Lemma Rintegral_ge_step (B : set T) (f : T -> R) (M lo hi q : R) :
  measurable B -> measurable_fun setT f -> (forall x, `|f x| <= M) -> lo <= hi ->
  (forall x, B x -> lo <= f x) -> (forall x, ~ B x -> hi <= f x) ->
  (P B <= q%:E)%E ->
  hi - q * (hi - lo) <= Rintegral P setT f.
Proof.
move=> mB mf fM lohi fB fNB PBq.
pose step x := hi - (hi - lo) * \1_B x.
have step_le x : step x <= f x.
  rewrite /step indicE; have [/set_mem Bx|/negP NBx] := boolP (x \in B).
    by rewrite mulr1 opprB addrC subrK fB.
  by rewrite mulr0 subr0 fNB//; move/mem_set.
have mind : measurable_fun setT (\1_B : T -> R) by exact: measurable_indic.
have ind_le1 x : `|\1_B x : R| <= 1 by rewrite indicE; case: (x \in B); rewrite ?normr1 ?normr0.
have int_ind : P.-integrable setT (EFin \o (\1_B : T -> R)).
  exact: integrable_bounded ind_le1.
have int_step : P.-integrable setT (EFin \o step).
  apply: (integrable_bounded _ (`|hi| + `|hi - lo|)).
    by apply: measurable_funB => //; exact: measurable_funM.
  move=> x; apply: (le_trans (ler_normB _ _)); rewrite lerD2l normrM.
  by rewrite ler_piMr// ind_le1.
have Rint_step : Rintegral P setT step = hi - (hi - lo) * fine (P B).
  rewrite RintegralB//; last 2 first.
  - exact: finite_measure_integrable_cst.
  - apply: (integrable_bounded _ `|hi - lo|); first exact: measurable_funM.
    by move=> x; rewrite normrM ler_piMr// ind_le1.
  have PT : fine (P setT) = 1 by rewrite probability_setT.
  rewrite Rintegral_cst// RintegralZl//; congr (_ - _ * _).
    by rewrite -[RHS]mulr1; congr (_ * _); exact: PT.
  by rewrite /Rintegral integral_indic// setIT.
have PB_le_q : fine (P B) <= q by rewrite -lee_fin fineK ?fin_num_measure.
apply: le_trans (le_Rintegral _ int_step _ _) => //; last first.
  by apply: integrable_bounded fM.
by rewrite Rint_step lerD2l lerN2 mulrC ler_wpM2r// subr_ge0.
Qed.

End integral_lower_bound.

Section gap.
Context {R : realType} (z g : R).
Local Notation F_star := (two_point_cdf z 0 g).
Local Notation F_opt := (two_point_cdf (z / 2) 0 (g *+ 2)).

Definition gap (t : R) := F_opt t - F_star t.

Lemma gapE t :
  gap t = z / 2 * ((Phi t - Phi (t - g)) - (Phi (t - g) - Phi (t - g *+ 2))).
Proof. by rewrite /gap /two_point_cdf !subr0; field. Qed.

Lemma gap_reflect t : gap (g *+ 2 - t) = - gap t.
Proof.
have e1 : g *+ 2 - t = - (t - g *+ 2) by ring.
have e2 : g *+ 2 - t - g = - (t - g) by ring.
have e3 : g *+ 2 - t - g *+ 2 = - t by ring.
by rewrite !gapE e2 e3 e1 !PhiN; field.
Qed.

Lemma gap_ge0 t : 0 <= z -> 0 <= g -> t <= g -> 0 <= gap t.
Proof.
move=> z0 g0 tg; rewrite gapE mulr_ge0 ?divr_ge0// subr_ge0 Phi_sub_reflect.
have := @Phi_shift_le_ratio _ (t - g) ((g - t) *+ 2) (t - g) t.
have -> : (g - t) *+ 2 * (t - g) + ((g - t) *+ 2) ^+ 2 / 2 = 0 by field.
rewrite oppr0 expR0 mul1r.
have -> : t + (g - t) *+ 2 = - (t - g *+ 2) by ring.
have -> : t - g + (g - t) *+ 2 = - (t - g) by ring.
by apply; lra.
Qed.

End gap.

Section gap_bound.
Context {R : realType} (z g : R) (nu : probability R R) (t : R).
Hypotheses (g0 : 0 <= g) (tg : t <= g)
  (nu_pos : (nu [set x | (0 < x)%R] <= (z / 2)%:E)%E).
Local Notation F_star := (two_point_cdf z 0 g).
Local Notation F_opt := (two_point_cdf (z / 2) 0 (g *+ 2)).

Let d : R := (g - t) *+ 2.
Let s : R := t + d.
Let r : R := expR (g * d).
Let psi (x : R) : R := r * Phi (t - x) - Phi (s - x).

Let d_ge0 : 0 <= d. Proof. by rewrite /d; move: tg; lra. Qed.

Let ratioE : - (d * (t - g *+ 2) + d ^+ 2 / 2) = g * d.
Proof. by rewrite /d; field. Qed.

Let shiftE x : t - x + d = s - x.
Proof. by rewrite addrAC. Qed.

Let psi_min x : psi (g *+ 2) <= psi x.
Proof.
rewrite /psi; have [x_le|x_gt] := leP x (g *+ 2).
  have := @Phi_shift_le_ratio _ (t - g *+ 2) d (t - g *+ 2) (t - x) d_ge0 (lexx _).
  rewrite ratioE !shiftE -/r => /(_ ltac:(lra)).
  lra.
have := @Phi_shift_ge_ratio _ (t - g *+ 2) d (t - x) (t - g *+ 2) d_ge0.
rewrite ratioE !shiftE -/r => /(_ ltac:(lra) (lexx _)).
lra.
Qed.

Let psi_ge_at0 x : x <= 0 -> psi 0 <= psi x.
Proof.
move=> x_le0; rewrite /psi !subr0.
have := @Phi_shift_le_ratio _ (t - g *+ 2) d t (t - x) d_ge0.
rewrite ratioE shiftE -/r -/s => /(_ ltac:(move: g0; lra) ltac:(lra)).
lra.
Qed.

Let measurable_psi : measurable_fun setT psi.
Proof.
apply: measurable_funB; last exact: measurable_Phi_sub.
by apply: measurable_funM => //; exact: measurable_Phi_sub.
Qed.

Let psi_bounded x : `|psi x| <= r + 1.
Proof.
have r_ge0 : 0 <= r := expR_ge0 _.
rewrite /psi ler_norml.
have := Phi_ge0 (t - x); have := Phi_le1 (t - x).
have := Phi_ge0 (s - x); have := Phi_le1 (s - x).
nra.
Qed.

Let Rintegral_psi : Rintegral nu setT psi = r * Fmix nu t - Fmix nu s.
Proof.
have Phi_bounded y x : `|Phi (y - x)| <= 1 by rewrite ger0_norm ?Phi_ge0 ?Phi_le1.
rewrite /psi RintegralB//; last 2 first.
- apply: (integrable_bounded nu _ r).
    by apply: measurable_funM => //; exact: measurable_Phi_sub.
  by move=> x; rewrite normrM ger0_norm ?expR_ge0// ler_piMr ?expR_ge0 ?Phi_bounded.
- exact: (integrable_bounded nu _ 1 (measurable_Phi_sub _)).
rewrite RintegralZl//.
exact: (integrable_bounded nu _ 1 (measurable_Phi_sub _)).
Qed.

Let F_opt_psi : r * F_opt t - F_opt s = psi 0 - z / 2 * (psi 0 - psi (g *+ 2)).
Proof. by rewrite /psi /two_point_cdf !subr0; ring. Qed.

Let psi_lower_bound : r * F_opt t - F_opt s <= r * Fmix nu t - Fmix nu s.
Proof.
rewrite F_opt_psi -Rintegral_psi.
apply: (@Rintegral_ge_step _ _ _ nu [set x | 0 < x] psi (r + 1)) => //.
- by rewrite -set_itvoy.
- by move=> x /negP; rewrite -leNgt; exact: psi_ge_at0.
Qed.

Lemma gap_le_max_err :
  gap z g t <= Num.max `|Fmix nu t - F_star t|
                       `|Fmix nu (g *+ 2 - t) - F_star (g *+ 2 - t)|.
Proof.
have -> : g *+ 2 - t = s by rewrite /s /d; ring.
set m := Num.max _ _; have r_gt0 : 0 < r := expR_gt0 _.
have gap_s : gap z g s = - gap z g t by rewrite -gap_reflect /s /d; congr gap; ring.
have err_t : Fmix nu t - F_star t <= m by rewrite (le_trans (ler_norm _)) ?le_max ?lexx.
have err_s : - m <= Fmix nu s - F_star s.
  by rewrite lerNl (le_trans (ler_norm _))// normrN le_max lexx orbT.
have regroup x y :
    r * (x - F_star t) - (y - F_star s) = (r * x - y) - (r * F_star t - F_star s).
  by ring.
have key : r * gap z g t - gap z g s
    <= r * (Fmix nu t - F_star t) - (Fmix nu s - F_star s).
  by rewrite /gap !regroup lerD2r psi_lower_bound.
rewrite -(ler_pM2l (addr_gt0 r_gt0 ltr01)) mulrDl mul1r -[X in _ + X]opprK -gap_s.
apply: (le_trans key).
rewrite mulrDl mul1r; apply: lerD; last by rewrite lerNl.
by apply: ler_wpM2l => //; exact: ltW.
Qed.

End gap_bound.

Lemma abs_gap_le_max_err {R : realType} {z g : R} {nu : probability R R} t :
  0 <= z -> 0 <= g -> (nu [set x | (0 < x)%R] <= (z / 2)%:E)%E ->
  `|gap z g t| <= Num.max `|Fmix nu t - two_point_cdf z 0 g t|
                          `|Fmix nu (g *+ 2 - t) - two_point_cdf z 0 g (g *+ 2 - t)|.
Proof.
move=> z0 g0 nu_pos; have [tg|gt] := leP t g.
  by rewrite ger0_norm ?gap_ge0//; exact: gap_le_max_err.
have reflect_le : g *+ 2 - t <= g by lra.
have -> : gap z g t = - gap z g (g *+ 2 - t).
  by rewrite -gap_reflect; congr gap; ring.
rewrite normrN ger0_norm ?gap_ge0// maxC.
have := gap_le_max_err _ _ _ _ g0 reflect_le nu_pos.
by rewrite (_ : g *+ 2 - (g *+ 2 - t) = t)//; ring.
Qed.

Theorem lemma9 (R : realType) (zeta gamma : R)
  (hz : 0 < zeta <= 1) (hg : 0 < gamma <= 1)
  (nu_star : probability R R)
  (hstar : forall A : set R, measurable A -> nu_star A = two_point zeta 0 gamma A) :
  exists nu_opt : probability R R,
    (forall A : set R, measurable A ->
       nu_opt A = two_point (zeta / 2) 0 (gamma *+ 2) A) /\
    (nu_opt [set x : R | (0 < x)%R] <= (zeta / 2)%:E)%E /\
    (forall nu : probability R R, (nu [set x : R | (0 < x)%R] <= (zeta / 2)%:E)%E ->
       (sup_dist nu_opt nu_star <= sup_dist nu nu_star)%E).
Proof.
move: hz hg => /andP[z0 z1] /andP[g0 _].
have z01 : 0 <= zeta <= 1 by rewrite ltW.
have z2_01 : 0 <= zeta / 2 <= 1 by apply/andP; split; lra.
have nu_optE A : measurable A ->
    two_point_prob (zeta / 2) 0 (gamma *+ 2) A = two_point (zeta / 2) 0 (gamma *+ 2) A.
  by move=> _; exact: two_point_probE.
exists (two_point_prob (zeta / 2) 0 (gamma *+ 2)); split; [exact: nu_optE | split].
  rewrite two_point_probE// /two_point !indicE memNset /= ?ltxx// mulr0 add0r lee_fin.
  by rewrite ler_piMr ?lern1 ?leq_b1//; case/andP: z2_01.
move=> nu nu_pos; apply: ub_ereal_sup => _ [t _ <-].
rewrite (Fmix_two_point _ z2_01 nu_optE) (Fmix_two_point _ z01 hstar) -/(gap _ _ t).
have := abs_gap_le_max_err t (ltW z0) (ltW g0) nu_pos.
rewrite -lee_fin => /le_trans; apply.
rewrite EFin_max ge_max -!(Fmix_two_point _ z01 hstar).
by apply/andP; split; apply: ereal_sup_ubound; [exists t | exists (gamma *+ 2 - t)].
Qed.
▬▬▬▬▬▬
Among the records, find the lines that contain "RintegralB" and copy each of them.

  rewrite RintegralB//; last 2 first.
rewrite /psi RintegralB//; last 2 first.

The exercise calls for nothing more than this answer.